SUPPLIED RECORDS:
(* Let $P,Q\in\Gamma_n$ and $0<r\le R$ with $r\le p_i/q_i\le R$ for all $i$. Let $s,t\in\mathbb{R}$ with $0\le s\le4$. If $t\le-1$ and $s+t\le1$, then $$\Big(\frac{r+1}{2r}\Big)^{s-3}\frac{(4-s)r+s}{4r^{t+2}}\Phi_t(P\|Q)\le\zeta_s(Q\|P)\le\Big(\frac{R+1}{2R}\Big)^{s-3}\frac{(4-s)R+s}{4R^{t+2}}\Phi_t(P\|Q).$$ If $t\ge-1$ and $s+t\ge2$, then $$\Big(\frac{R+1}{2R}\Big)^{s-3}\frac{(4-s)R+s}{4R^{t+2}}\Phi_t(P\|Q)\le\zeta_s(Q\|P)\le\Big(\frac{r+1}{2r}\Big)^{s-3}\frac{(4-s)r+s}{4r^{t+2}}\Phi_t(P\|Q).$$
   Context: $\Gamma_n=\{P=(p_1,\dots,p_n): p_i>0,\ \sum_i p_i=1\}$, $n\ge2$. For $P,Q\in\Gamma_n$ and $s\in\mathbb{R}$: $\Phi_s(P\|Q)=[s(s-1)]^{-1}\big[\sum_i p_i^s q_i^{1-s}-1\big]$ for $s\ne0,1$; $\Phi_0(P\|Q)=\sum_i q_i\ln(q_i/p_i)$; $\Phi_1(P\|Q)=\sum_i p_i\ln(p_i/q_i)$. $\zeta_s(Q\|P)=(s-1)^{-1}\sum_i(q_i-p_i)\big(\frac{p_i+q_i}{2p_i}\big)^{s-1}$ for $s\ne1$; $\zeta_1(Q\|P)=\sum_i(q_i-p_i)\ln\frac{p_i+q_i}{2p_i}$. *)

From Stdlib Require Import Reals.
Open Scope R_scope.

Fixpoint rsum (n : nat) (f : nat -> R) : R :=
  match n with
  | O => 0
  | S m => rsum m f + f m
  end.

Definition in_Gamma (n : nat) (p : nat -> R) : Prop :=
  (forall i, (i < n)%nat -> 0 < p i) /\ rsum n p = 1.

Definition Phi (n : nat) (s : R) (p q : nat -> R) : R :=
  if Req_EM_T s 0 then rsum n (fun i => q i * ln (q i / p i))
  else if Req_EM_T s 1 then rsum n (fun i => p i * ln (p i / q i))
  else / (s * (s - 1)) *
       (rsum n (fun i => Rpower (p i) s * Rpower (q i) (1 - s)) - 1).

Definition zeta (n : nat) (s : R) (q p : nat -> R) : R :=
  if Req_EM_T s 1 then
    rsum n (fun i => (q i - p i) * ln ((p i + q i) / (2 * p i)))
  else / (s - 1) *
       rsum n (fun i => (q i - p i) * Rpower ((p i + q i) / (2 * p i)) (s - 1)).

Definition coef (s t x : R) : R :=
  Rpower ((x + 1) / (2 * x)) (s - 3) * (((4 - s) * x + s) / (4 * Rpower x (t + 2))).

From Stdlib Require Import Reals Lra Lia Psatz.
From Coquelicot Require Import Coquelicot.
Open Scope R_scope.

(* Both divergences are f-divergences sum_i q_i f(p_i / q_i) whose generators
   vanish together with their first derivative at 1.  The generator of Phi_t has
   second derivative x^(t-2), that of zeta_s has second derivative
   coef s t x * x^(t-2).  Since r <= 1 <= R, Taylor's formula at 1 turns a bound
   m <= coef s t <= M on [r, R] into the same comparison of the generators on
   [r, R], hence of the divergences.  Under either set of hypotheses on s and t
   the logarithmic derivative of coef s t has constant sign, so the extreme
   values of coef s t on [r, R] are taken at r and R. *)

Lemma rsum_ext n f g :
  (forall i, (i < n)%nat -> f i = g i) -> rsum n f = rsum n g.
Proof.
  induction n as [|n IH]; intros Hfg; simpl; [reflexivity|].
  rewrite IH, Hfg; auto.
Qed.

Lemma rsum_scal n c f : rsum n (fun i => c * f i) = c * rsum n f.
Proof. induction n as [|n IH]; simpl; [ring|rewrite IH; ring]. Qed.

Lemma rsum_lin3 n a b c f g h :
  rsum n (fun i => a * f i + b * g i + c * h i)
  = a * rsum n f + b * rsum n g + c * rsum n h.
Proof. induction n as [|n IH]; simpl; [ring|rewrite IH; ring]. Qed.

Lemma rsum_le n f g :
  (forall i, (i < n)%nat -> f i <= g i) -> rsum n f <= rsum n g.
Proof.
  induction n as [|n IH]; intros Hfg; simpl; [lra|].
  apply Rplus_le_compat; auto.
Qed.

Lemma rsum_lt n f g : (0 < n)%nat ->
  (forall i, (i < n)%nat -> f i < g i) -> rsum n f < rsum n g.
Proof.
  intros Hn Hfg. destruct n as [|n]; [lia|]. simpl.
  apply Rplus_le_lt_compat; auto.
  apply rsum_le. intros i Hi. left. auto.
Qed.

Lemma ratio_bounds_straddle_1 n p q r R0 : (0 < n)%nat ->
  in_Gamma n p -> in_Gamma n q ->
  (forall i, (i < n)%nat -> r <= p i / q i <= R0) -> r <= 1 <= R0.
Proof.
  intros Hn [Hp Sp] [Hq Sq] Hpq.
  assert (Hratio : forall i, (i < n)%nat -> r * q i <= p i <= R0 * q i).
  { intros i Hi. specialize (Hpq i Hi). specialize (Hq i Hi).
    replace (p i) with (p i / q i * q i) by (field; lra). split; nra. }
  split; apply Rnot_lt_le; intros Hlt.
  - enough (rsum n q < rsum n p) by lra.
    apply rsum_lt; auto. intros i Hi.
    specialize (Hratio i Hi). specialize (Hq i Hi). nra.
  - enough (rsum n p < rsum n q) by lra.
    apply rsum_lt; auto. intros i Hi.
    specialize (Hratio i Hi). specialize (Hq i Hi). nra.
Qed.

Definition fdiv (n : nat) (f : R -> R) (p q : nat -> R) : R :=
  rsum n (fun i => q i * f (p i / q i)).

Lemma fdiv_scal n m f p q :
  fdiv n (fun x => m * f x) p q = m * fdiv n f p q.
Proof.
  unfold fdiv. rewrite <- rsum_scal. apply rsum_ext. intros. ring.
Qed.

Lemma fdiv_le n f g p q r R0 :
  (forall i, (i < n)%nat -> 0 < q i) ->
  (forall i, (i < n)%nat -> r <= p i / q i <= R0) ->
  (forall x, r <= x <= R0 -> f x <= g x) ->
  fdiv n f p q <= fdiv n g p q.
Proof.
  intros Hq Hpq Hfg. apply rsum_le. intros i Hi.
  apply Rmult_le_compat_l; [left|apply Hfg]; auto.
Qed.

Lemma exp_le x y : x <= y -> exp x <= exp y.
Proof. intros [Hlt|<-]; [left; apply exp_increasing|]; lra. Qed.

--

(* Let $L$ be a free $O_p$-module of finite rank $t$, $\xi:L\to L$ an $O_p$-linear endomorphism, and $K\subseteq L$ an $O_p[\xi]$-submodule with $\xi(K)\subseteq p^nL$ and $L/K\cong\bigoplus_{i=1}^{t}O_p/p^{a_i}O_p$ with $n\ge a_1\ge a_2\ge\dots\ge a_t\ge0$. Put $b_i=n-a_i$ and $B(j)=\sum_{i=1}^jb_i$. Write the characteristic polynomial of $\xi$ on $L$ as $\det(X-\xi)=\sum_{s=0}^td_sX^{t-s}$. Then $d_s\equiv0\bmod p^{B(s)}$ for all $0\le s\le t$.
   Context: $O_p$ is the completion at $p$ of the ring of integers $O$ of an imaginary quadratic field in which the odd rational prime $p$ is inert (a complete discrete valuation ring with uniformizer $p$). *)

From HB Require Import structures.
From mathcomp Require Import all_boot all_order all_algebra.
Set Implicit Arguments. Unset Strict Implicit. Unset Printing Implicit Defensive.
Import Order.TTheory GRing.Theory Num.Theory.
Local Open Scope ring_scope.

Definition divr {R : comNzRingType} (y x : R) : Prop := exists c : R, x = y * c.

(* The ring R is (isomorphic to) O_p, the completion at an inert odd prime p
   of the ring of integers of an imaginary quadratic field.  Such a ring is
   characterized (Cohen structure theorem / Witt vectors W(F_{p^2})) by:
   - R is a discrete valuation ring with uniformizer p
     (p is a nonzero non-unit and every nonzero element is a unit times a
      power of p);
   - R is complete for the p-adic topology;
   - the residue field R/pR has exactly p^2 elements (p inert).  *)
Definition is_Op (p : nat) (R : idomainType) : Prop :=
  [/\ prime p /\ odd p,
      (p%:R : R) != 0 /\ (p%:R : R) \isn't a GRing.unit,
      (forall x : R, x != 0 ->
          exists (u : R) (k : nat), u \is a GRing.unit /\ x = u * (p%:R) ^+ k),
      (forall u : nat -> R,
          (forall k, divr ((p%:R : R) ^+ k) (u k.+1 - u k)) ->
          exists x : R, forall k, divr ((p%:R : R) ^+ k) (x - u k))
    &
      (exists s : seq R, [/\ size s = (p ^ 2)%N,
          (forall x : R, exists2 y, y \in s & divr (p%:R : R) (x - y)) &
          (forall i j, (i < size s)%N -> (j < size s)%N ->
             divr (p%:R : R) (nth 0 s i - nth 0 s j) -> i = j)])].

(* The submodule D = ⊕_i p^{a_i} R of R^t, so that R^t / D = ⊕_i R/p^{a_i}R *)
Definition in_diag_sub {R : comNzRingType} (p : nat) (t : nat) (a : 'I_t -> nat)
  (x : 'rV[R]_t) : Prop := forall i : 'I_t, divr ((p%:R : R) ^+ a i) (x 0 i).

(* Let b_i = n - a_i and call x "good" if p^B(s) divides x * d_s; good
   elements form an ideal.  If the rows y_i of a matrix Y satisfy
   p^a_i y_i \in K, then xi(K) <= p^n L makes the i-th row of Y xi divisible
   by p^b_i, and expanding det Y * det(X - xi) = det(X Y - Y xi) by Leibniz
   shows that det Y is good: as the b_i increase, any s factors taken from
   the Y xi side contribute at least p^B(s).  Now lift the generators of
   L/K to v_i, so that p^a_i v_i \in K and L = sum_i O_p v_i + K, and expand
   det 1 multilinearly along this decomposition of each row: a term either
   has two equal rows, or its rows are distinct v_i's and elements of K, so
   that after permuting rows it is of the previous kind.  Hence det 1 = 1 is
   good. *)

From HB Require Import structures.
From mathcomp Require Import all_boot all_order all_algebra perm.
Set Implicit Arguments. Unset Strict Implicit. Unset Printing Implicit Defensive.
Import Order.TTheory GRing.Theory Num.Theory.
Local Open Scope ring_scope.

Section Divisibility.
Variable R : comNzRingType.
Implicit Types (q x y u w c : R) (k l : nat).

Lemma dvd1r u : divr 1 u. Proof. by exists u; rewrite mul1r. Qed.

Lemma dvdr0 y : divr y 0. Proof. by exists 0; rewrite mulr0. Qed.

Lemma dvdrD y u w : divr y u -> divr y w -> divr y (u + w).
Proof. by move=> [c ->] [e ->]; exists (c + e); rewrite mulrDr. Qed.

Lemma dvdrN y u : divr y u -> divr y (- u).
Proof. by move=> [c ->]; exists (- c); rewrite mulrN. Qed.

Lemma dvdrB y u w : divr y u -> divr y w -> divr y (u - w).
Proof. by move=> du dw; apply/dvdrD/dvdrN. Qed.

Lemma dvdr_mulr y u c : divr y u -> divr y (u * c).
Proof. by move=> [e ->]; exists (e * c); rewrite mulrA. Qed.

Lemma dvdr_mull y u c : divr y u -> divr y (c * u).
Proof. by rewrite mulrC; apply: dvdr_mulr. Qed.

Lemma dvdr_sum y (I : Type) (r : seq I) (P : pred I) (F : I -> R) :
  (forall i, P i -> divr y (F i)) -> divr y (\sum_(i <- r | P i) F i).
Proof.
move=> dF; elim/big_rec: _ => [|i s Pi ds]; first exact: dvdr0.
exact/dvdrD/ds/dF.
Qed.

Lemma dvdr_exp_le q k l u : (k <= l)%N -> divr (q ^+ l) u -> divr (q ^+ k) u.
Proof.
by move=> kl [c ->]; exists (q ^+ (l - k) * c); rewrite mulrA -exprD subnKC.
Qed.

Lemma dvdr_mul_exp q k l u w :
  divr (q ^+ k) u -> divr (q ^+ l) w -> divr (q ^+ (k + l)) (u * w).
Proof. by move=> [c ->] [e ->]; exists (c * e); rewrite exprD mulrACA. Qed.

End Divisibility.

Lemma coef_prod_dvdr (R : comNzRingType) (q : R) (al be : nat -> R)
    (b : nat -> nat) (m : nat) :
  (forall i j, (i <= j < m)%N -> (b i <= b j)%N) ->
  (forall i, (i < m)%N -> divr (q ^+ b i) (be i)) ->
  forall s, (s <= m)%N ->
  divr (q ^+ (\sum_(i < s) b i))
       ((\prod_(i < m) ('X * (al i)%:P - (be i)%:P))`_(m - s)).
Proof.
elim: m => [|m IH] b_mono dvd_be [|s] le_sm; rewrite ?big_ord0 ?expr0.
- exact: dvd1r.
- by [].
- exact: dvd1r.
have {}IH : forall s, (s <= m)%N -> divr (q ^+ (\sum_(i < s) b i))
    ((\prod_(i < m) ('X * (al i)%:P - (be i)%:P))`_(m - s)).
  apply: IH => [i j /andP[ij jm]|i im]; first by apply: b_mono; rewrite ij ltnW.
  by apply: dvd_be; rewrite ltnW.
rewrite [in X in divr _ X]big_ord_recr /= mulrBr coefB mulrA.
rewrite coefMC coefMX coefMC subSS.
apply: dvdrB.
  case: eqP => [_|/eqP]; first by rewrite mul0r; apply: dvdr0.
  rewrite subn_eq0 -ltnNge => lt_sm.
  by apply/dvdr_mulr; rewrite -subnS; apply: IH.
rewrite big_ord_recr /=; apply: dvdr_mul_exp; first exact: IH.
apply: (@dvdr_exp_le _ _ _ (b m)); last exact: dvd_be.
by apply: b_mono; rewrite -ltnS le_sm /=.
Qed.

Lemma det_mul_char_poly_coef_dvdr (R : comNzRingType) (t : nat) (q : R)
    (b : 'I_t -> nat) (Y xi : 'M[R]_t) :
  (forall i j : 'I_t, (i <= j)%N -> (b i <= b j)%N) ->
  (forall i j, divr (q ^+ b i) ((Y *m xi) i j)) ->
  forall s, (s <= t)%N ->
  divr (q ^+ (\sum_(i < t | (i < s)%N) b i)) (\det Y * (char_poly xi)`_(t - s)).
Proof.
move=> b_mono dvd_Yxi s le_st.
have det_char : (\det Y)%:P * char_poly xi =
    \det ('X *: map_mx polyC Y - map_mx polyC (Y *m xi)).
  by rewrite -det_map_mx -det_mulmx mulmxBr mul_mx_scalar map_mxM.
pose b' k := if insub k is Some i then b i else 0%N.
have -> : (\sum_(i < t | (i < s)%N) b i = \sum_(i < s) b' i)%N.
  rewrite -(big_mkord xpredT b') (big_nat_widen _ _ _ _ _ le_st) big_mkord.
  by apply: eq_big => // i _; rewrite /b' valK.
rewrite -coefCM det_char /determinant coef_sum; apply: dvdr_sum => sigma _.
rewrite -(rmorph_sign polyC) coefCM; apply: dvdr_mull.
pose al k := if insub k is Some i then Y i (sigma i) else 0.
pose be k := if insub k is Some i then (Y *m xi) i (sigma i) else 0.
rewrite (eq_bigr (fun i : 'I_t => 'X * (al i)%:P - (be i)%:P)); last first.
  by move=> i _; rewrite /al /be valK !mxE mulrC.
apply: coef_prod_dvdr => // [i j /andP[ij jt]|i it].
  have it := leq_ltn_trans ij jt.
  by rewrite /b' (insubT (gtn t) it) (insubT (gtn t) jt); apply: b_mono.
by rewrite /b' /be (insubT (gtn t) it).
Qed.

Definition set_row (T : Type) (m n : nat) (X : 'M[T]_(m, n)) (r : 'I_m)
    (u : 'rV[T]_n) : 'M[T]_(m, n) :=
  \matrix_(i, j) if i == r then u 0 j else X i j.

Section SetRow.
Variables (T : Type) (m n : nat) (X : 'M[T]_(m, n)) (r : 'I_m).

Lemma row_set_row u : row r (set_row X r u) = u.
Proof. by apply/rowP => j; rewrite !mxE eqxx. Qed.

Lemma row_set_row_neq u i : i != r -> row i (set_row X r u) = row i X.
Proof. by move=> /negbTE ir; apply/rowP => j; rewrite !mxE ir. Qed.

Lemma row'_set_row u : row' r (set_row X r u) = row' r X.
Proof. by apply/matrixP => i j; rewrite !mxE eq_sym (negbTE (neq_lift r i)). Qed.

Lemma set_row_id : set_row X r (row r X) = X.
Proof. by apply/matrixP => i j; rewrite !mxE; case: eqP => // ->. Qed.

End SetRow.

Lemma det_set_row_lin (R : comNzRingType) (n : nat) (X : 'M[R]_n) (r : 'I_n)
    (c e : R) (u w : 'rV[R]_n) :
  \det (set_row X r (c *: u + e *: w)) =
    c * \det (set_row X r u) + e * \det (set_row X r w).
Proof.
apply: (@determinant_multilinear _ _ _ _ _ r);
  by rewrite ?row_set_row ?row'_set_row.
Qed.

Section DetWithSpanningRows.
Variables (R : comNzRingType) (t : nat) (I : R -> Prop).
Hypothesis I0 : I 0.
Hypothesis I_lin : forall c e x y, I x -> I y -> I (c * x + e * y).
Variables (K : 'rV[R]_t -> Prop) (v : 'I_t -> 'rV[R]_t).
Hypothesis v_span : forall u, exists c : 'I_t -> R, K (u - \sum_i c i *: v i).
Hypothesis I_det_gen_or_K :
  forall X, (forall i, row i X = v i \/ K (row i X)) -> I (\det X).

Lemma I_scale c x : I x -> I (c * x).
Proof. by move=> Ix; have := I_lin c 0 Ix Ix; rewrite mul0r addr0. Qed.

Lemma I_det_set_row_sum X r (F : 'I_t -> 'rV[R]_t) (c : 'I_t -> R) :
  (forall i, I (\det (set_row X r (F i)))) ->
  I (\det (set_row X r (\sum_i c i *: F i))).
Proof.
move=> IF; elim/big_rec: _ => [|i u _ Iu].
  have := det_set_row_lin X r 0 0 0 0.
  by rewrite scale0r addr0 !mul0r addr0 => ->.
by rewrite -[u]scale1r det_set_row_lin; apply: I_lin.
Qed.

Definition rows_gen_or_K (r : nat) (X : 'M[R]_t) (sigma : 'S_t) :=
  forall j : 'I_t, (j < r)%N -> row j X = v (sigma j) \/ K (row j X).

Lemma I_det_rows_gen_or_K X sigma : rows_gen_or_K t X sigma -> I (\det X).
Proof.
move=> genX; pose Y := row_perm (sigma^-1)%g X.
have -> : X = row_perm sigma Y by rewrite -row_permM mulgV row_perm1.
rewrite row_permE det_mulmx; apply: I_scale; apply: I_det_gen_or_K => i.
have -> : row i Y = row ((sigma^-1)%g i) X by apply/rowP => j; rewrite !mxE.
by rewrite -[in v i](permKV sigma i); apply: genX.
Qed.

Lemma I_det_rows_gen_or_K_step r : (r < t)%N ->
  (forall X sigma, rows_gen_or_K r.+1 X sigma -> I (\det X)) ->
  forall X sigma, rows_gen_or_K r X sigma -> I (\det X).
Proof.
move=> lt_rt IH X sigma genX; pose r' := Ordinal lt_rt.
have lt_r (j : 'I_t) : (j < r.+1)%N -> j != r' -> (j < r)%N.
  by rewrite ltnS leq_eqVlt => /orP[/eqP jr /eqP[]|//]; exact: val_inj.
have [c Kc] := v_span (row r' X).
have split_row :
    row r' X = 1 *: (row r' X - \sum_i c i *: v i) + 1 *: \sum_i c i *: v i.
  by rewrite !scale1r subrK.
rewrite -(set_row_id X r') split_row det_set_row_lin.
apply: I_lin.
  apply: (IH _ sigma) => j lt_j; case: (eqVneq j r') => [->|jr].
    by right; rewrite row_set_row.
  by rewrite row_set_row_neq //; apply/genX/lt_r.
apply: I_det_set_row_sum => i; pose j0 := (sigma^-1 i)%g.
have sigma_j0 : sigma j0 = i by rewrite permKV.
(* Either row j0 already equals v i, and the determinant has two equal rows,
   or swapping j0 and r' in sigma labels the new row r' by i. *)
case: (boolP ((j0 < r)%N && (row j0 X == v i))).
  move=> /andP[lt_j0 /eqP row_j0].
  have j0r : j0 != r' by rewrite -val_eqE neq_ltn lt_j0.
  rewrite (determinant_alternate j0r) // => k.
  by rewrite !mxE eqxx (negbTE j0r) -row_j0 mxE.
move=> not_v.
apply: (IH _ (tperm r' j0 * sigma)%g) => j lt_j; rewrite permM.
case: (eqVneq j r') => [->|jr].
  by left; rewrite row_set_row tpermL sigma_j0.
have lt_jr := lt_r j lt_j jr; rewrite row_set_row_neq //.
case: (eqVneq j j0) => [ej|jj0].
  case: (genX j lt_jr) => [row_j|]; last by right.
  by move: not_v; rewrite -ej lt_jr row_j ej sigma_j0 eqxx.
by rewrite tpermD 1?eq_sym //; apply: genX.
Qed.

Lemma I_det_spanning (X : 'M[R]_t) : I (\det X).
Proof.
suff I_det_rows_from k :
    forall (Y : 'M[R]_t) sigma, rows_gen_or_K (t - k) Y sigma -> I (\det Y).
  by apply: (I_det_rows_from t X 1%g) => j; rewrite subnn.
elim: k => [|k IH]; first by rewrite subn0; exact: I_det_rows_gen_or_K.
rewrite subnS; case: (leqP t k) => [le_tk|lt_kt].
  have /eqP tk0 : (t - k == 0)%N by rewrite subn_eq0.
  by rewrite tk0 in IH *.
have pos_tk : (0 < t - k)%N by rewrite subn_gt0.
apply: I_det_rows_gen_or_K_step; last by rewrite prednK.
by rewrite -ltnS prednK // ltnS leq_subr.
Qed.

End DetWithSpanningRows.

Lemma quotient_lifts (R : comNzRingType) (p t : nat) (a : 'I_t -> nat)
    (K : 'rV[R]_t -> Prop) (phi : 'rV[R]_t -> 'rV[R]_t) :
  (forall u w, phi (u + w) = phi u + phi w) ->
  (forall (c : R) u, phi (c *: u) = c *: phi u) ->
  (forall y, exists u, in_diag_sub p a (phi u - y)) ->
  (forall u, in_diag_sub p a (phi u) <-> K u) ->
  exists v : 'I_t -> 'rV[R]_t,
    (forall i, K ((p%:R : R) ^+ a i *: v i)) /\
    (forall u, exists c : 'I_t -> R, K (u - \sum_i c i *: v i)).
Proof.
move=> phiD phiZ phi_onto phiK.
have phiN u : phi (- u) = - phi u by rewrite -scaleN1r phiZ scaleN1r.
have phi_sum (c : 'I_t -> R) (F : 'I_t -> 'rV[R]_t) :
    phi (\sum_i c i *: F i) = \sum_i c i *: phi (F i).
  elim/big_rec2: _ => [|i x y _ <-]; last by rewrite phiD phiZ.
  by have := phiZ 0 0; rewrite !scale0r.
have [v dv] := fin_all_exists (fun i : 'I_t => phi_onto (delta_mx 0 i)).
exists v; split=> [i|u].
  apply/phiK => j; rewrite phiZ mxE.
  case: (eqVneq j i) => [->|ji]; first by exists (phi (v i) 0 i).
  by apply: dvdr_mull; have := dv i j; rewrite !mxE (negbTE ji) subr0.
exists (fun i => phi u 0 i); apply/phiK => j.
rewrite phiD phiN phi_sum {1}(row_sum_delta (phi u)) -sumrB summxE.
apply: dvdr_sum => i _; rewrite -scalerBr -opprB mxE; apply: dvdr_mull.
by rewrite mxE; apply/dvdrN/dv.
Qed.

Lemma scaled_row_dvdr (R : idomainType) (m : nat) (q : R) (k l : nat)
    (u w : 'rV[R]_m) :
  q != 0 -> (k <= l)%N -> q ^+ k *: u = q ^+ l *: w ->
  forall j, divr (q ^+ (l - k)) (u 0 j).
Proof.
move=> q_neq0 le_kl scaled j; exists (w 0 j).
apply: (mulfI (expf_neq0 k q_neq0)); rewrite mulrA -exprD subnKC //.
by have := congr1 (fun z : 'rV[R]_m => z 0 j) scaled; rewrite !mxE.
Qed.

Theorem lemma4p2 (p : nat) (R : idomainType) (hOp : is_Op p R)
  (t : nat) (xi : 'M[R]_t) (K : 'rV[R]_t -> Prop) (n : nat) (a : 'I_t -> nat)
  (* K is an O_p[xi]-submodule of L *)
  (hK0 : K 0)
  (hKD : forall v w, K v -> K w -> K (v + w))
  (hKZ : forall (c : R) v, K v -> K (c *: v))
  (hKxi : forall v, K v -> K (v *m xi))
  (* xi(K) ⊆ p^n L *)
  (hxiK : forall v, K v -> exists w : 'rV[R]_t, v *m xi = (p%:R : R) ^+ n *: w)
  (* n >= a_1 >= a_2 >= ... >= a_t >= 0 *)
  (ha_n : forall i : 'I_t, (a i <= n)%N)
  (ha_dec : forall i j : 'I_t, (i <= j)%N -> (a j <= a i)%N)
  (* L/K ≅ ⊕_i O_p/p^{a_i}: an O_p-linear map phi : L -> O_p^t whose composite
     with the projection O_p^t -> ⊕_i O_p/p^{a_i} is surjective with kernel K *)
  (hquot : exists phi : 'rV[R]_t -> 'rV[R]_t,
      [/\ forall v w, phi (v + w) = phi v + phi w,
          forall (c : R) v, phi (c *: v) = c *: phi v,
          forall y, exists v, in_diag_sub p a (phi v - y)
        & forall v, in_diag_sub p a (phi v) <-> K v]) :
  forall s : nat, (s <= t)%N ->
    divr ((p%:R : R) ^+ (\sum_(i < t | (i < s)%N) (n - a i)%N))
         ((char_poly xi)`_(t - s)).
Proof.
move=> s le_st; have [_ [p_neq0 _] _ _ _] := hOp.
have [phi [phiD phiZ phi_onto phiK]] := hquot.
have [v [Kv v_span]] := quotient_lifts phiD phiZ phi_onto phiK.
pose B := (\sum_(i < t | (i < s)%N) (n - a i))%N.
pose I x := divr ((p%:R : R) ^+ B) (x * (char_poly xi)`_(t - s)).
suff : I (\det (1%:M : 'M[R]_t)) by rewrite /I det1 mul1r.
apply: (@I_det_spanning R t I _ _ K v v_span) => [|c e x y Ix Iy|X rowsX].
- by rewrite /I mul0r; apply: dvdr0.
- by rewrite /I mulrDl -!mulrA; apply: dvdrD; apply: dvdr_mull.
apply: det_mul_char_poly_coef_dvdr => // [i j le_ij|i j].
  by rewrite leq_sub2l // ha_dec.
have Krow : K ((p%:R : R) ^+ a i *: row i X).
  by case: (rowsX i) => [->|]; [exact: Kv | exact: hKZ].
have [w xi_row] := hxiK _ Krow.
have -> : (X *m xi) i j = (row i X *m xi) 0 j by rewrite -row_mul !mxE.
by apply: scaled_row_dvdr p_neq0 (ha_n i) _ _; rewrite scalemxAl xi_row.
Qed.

YOUR GOAL: Set down, exactly as they stand above, the lines starting with the line with "(b : 'I_t -> nat)" and going on through the line with "Proof. by apply/matrixP => i j; rewrite !mxE eq_sym", and no others.

RESPONSE FOR THIS EXERCISE:
    (b : 'I_t -> nat) (Y xi : 'M[R]_t) :
  (forall i j : 'I_t, (i <= j)%N -> (b i <= b j)%N) ->
  (forall i j, divr (q ^+ b i) ((Y *m xi) i j)) ->
  forall s, (s <= t)%N ->
  divr (q ^+ (\sum_(i < t | (i < s)%N) b i)) (\det Y * (char_poly xi)`_(t - s)).
Proof.
move=> b_mono dvd_Yxi s le_st.
have det_char : (\det Y)%:P * char_poly xi =
    \det ('X *: map_mx polyC Y - map_mx polyC (Y *m xi)).
  by rewrite -det_map_mx -det_mulmx mulmxBr mul_mx_scalar map_mxM.
pose b' k := if insub k is Some i then b i else 0%N.
have -> : (\sum_(i < t | (i < s)%N) b i = \sum_(i < s) b' i)%N.
  rewrite -(big_mkord xpredT b') (big_nat_widen _ _ _ _ _ le_st) big_mkord.
  by apply: eq_big => // i _; rewrite /b' valK.
rewrite -coefCM det_char /determinant coef_sum; apply: dvdr_sum => sigma _.
rewrite -(rmorph_sign polyC) coefCM; apply: dvdr_mull.
pose al k := if insub k is Some i then Y i (sigma i) else 0.
pose be k := if insub k is Some i then (Y *m xi) i (sigma i) else 0.
rewrite (eq_bigr (fun i : 'I_t => 'X * (al i)%:P - (be i)%:P)); last first.
  by move=> i _; rewrite /al /be valK !mxE mulrC.
apply: coef_prod_dvdr => // [i j /andP[ij jt]|i it].
  have it := leq_ltn_trans ij jt.
  by rewrite /b' (insubT (gtn t) it) (insubT (gtn t) jt); apply: b_mono.
by rewrite /b' /be (insubT (gtn t) it).
Qed.

Definition set_row (T : Type) (m n : nat) (X : 'M[T]_(m, n)) (r : 'I_m)
    (u : 'rV[T]_n) : 'M[T]_(m, n) :=
  \matrix_(i, j) if i == r then u 0 j else X i j.

Section SetRow.
Variables (T : Type) (m n : nat) (X : 'M[T]_(m, n)) (r : 'I_m).

Lemma row_set_row u : row r (set_row X r u) = u.
Proof. by apply/rowP => j; rewrite !mxE eqxx. Qed.

Lemma row_set_row_neq u i : i != r -> row i (set_row X r u) = row i X.
Proof. by move=> /negbTE ir; apply/rowP => j; rewrite !mxE ir. Qed.

Lemma row'_set_row u : row' r (set_row X r u) = row' r X.
Proof. by apply/matrixP => i j; rewrite !mxE eq_sym (negbTE (neq_lift r i)). Qed.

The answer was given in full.